Nine years have passed since the last time the acclaimed vibraphonist found an answer to his liking. Now, driven in large part by recent shifts in the sociopolitical conversation as well as by his own personal growth, Harris has returned with the third album with his band Blackout, Sonic Creed (Motéma). The album is a further evolution of Blackout’s contemporary spin on the jazz tradition, recontextualizing the work of forebears like Bobby Hutcherson, Abbey Lincoln and Horace Silver through a modern perspective drawing on hip-hop, R&B, gospel and funk influences.
“There are times when you have music on your heart and on your mind that’s very close to what you just did a few years ago,” Harris says. “I feel like the market is flooded, and I don't know that the world is interested in every thought that I have. I’d rather take my time and grow as a man, as a human being, a father, a husband, a citizen, learn more about what’s happening in the world and then document that.”
Despite the lack of recordings under his own name, Harris has done much to facilitate that growth in the intervening years. He served a six-year tenure exploring the diverse and often knotty compositions of his peers in the SFJAZZ Collective; he traveled to Cuba with saxophonist David Sánchez and trumpeter Christian Scott, interacting with local musicians and releasing two albums with the Ninety Miles project; after a decade on the faculty of NYU, he took over as Associate Dean and Director of Jazz Arts at his alma mater, Manhattan School of Music, in 2017; he’s given presentations to Fortune 500 companies about jazz improvisation as an analogy for leadership techniques and, seeking to apply his passion for education to digital-age learning, he launched his Melodic Progression Institute with the ear-training app Harmony Cloud.
Perhaps most importantly, Harris’ two sons, ages 9 and 6, have grown up in the period following Blackout’s last release, 2009’s Urbanus, undoubtedly reframing the way he thinks about the issues facing young black men in today’s American landscape.
“At this particular moment in our society as it pertains to politics, economics, sociology, part of what’s on my mind is the marginalization of African-Americans,” he says. “We’re being painted in a light that is not complete. When I look at the culture that I grew up with, when I look at my ancestry, I see a great deal of intelligence, pride, drive and, ultimately, excellence. The narrative that’s being told right now was breaking my heart, and the best way to express myself is through my art.”
[caption id="attachment_14479" align="alignnone" width="1240"] “At this particular moment in our society as it pertains to politics, economics, sociology, part of what’s on my mind is the marginalization of African-Americans. We’re being painted in a light that is not complete.”[/caption]

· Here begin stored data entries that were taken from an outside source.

(* Let $\lambda,\epsilon>0$ be constants with $\lambda+\epsilon<1$. Consider CVRP instances in an arbitrary metric space $(X,\delta)$, with a depot $O\in X$, a set $V\subseteq X$ of $n$ customers and capacity $k=k(n)$, where $k(n)\to\infty$ as $n\to\infty$. Then for all sufficiently large $n$ there exists a set $U\subseteq V$ with $|U|>(\lambda+\frac{\epsilon}{2})n$ such that $$\mathrm{OPT}\ \ge\ \mathrm{rad}+(1-\lambda-\epsilon)\sum_{x\in U}\delta\big(x,U\setminus\{x\}\big).$$
   Context: $\mathrm{OPT}$ is the minimum total cost of a collection of tours, each starting and ending at $O$ and visiting at most $k$ points of $V$, that together visit every point of $V$; the cost of a tour is the sum of $\delta$-distances between consecutive points. $\ell(x)=\delta(O,x)$ and $\mathrm{rad}=\frac{2}{k}\sum_{x\in V}\ell(x)$. For a point $x$ and a set $A$, $\delta(x,A)=\min_{a\in A}\delta(x,a)$ (with $\delta(x,\emptyset)=0$). *)

From HB Require Import structures.
From mathcomp Require Import all_boot all_order all_algebra.
From mathcomp Require Import classical_sets reals.
Set Implicit Arguments. Unset Strict Implicit. Unset Printing Implicit Defensive.
Import Order.TTheory GRing.Theory Num.Theory.
Local Open Scope ring_scope.
Local Open Scope classical_set_scope.

Section CVRP.
Variables (R : realType) (X : Type) (d : X -> X -> R).

Definition is_metric : Prop :=
  (forall x y, 0 <= d x y) /\ (forall x, d x x = 0) /\
  (forall x y, d x y = 0 -> x = y) /\ (forall x y, d x y = d y x) /\
  (forall x y z, d x z <= d x y + d y z).

Fixpoint path_len (x : X) (s : seq X) : R :=
  match s with [::] => 0 | y :: s' => d x y + path_len y s' end.

Variables (n : nat) (O : X) (p : 'I_n -> X).
(* customers are p 0, ..., p (n-1) (p injective), V = image of p *)

Definition tour_cost (t : seq 'I_n) : R := path_len O (rcons (map p t) O).

Definition feasible (k : nat) (T : seq (seq 'I_n)) : Prop :=
  (forall t, t \in T -> (size t <= k)%N) /\
  (forall i : 'I_n, exists2 t, t \in T & i \in t).

Definition sol_cost (T : seq (seq 'I_n)) : R := \sum_(t <- T) tour_cost t.

Definition OPT (k : nat) : R :=
  inf [set c | exists T, feasible k T /\ c = sol_cost T].

Definition cvrp_rad (k : nat) : R := 2 / k%:R * \sum_(i < n) d O (p i).

(* d(p i, {p j | j in A}) = min, with value 0 for the empty set *)
Definition dist_set (i : 'I_n) (A : {set 'I_n}) : R :=
  match [seq d (p i) (p j) | j <- enum A] with
  | [::] => 0
  | a :: s => foldr Num.min a s
  end.

End CVRP.

From mathcomp Require Import all_boot all_order all_algebra.
From mathcomp Require Import classical_sets reals.
From mathcomp Require Import ring lra zify.
Import Order.TTheory GRing.Theory Num.Theory.
Local Open Scope ring_scope.

(* Write al = lam + 3 eps / 4 and c = 1 - lam - eps. Fix a feasible solution
   and make its tours disjoint by shortcutting repeated customers, which in a
   metric space does not increase the cost. Each tour t then pays for its
   share (2 / k) sum_{i in t} l(i) of rad together with c times the neighbour
   distances of the customers it contributes to U:
   - a small tour (at most (lam + eps) k customers) has share at most
     (lam + eps) cost(t), since every customer lies within cost(t) / 2 of O;
     its customers all join U (provided there are at least two of them in
     total), and their neighbour distances are paid by one closed tour
     through all of them, i.e. by the small tours altogether;
   - a large tour contributes its middle window W of about al |t| customers;
     the customers before and after W are close to O along the tour, which
     leaves a fraction 1 - |W| / k of the length of W to pay for the neighbour
     distances along W, and these are at most that length plus its shortest
     edge.
   This gives |U| >= al n - 1 and rad + c sum_U d(x, U \ x) <= cost. There are
   finitely many U, so one of them works for the infimum OPT as well; finally
   k -> oo and n -> oo make the constants fit. *)

Set Implicit Arguments. Unset Strict Implicit.
(* Let $X$ be a nontrivial real Banach space. The following assertions are equivalent: (i) $X^*$ has the weak$^*$ strong diameter $2$ property; (ii) $X$ is octahedral; (iii) whenever $E$ is a finite-dimensional subspace of $X$, $n\in\mathbb{N}$, $x_1^*,\dots,x_n^*\in B_{X^*}$, $\varepsilon>0$, and $\varepsilon_0\in(0,\varepsilon)$, there is a $y\in S_X$ such that, whenever $|\gamma_i|\leq 1+\varepsilon_0$ for $i\in\{1,\dots,n\}$, there are $y_i^*\in X^*$ satisfying $y_i^*|_E=x_i^*|_E$, $y_i^*(y)=\gamma_i$, and $\|y_i^*\|\leq 1+\varepsilon$ for all $i\in\{1,\dots,n\}$; (iii') whenever $E$ is a finite-dimensional subspace of $X$, $n\in\mathbb{N}$, $x_1^*,\dots,x_n^*\in B_{X^*}$, and $\varepsilon>0$, there are $y\in S_X$ and $x_{1i}^*,x_{2i}^*\in X^*$, $i\in\{1,\dots,n\}$, satisfying $x_{1i}^*|_E=x_{2i}^*|_E=x_i^*|_E$, $x_{1i}^*(y)-x_{2i}^*(y)>2-\varepsilon$, and $\|x_{1i}^*\|,\|x_{2i}^*\|\leq 1+\varepsilon$ for all $i\in\{1,\dots,n\}$.
   Context: $B_Z$, $S_Z$ denote the closed unit ball and unit sphere of a Banach space $Z$. A weak$^*$ slice of $B_{X^*}$ is a set $\{x^*\in B_{X^*}: x^*(x)>1-\alpha\}$ with $x\in S_X$, $\alpha>0$. $X^*$ has the weak$^*$ strong diameter $2$ property if every convex combination $\sum_{i=1}^n\lambda_i S_i$ ($n\in\mathbb{N}$, $\lambda_i\ge0$, $\sum\lambda_i=1$, $S_i$ weak$^*$ slices of $B_{X^*}$) has diameter $2$. $X$ is octahedral if for every finite-dimensional subspace $E$ of $X$ and every $\varepsilon>0$ there is a $y\in S_X$ such that $\|x+y\|\geq(1-\varepsilon)(\|x\|+\|y\|)$ for all $x\in E$. *)

From HB Require Import structures.
From mathcomp Require Import all_boot all_order all_algebra.
From mathcomp Require Import all_classical all_reals all_analysis.
Set Implicit Arguments. Unset Strict Implicit. Unset Printing Implicit Defensive.
Import Order.TTheory GRing.Theory Num.Theory.
Import numFieldNormedType.Exports.
Local Open Scope classical_set_scope.
Local Open Scope ring_scope.
(* With fewer than [d] blocks, [wdeg_coweight_le] would force [k * d <= n - 2]. *)
Lemma nblocks_ge_gcd k m :
  (0 < k)%N -> (k.+1 * L <= wdeg w m)%N -> (d <= nblocks mu m)%N.
Proof.
move=> k_gt0 le_m; rewrite leqNgt; apply/negP => lt_blocks.
have P_gt0 : (0 < prod_mu mu)%N by apply: prodn_gt0 => i; apply: mu_gt0.
move: (wdeg_coweight_le mu_gt0 m) le_m lt_blocks gcd_large k_gt0 P_gt0.
move: (wdeg w m) (nblocks mu m) (prod_mu mu) d => W B P D; nia.
Qed.

Lemma ideal_pow_I_lambda_mpolyX k m :
  (k * L <= wdeg w m)%N -> ideal_pow Ilam k 'X_[m].
Proof.
elim: k m => [|k IHk] m le_m; first exact: ideal_pow0.
have [b le_bm [L_le_b le_rest]] : exists2 b, (b <= m)%MM &
    (L <= wdeg w b)%N /\ (k * L <= wdeg w (m - b)%MM)%N.
  have [k0|k_gt0] := posnP k.
    by exists m; [exact: lepm_refl | split; rewrite k0 ?mul1n in le_m *].
  have [b le_bm wdeg_b] := exists_submnm_wdeg mu_gt0 (nblocks_ge_gcd k_gt0 le_m).
  exists b => //; rewrite wdegB // wdeg_b; split=> //.
  by move: le_m; rewrite mulSn; lia.
rewrite -(submK le_bm) mpolyXD.
by apply: ideal_powSr; [apply: IHk | apply: I_lambda_mpolyX].
Qed.

Lemma I_lambda_normal : normal_ideal Ilam.
Proof.
move=> k _ f int_f.
have ord_f : order_ge psi (k * L) f.
  apply: order_ge_integral_closure int_f => g.
  by apply: order_ge_ideal_pow => h; apply: order_ge_I_lambda.
rewrite [f]mpolyE; apply: ideal_pow_sum => m m_supp.
rewrite -mul_mpolyC; apply/ideal_powMl/ideal_pow_I_lambda_mpolyX.
exact: order_ge_msupp ord_f m_supp.
Qed.

End ILambda.
Lemma realize_avoiding_finite (psi : formula L) :
  params_among psi -> ~ finite_pred (fun a => sat (upd v 0 a) psi) ->
  exists a, sat (upd v 0 a) psi /\
    forall th, params_among th -> finite_pred (fun b => sat (upd v 0 b) th) ->
      ~ sat (upd v 0 a) th.
Proof.
move=> Hpsi Hinf.
pose Sigma (phi : formula L) := phi = psi \/ exists th, phi = Fnot th /\
  params_among th /\ finite_pred (fun b => sat (upd v 0 b) th).
have [a Ha] : exists a, forall phi, Sigma phi -> sat (upd v 0 a) phi.
  apply: Hsat; first by move=> phi [->|[th [-> [Hth _]]]]; [exact: Hpsi|exact: Hth].
  move=> s Hs.
  have Hfin : forall phi, List.In phi s ->
      finite_pred (fun b => phi <> psi /\ ~ sat (upd v 0 b) phi).
    move=> phi /Hs [->|[th [-> [_ [l Hl]]]]]; first by exists [::] => b [].
    by exists l => b [_ /NNPP]; exact: Hl.
  have [l Hl] := finite_pred_bigcup Hfin.
  have [a Ha] : exists a, sat (upd v 0 a) psi /\ ~ List.In a l.
    apply: NNPP => Hn; apply: Hinf; exists l => a Ha.
    by apply: NNPP => Hal; apply: Hn; exists a.
  exists a => phi Hphi; case: (classic (phi = psi)) => [->|Hne]; first by case: Ha.
  apply: NNPP => Hn; apply: Ha.2; apply: Hl; by exists phi.
exists a; split; first by apply: Ha; left.
by move=> th Hth Hfin; apply: (Ha (Fnot th)); right; exists th.
Qed.

Lemma acl_params_among (th : formula L) (w : nat -> M) :
  (forall k, free k th -> k <> 0 -> exists2 k', List.In k' F & w k = v k') ->
  exists th', params_among th' /\ forall b, sat (upd v 0 b) th' <-> sat (upd w 0 b) th.
Proof.
move=> HT.
pose g k := if k == 0 then 0 else epsilon (inhabits 0) (fun k' => List.In k' F /\ w k = v k').
have Hg : forall k, free k th -> k <> 0 -> List.In (g k) F /\ w k = v (g k).
  move=> k Hk Hk0; rewrite /g; case: eqP => // _.
  apply: (epsilon_spec (inhabits 0) (fun k' => List.In k' F /\ w k = v k')).
  by have [k' H1 H2] := HT k Hk Hk0; exists k'.
exists (frename g th); split.
- move=> k /free_frename [k' [Hk' ->]]; case: (k' =P 0) => [->|Hk0]; first by left.
  by right; exact: (Hg k' Hk' Hk0).1.
- move=> b; rewrite sat_frename; apply: sat_coinc => k Hk; rewrite /upd.
  case: (k =P 0) => [->|Hk0] //.
  have [H1 H2] := Hg k Hk Hk0.
  have Hg0 : g k != 0 by apply/eqP => E; rewrite E in H1.
  by rewrite (negbTE Hg0) H2.
Qed.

Harris pays tribute to his sons on the new album with “Chasin’ Kendall,” the title of which is a play on the two boys’ middle names. Despite the heaviness of his thinking about society at large, a playful joy shines through the track, which echoes the sunny-day soul of classic singers like Donny Hathaway or Bill Withers. It was music like this that Harris heard as the communal soundtrack at family gatherings or block parties growing up in Albany, New York.
“I saw the power of music to bring together a community of people who were going through hard times and uplift their spirits,” he recalls. “My family would be dancing like it was the last day on earth, just letting it go. You would think that we were the wealthiest people on the entire planet, we had so much joy. But it was the music that amplified that for me.”
Even more powerfully, Harris watched the visceral reaction that congregants experienced to the music in the Pentecostal church where his mother was a minister. “I saw music have people off their feet, stomping and literally falling to the floor shaking, speaking in tongues. Music created a spell that had the entire congregation shouting at the top of their hearts and souls. So I was never confused about the purpose of music.”
What Harris wasn’t quite so clear on as a young man was what shape his music would ultimately take. At the age of 6 his family moved into an apartment with a “beat-up old piano,” where Harris found a stack of instructional books in the bench and began teaching himself to play. This placed him well in advance of his elementary school classmates, so to keep him occupied his teachers simply handed him instrument after instrument to satisfy his curiosity. By the time he reached middle school, Harris played 24 different instruments.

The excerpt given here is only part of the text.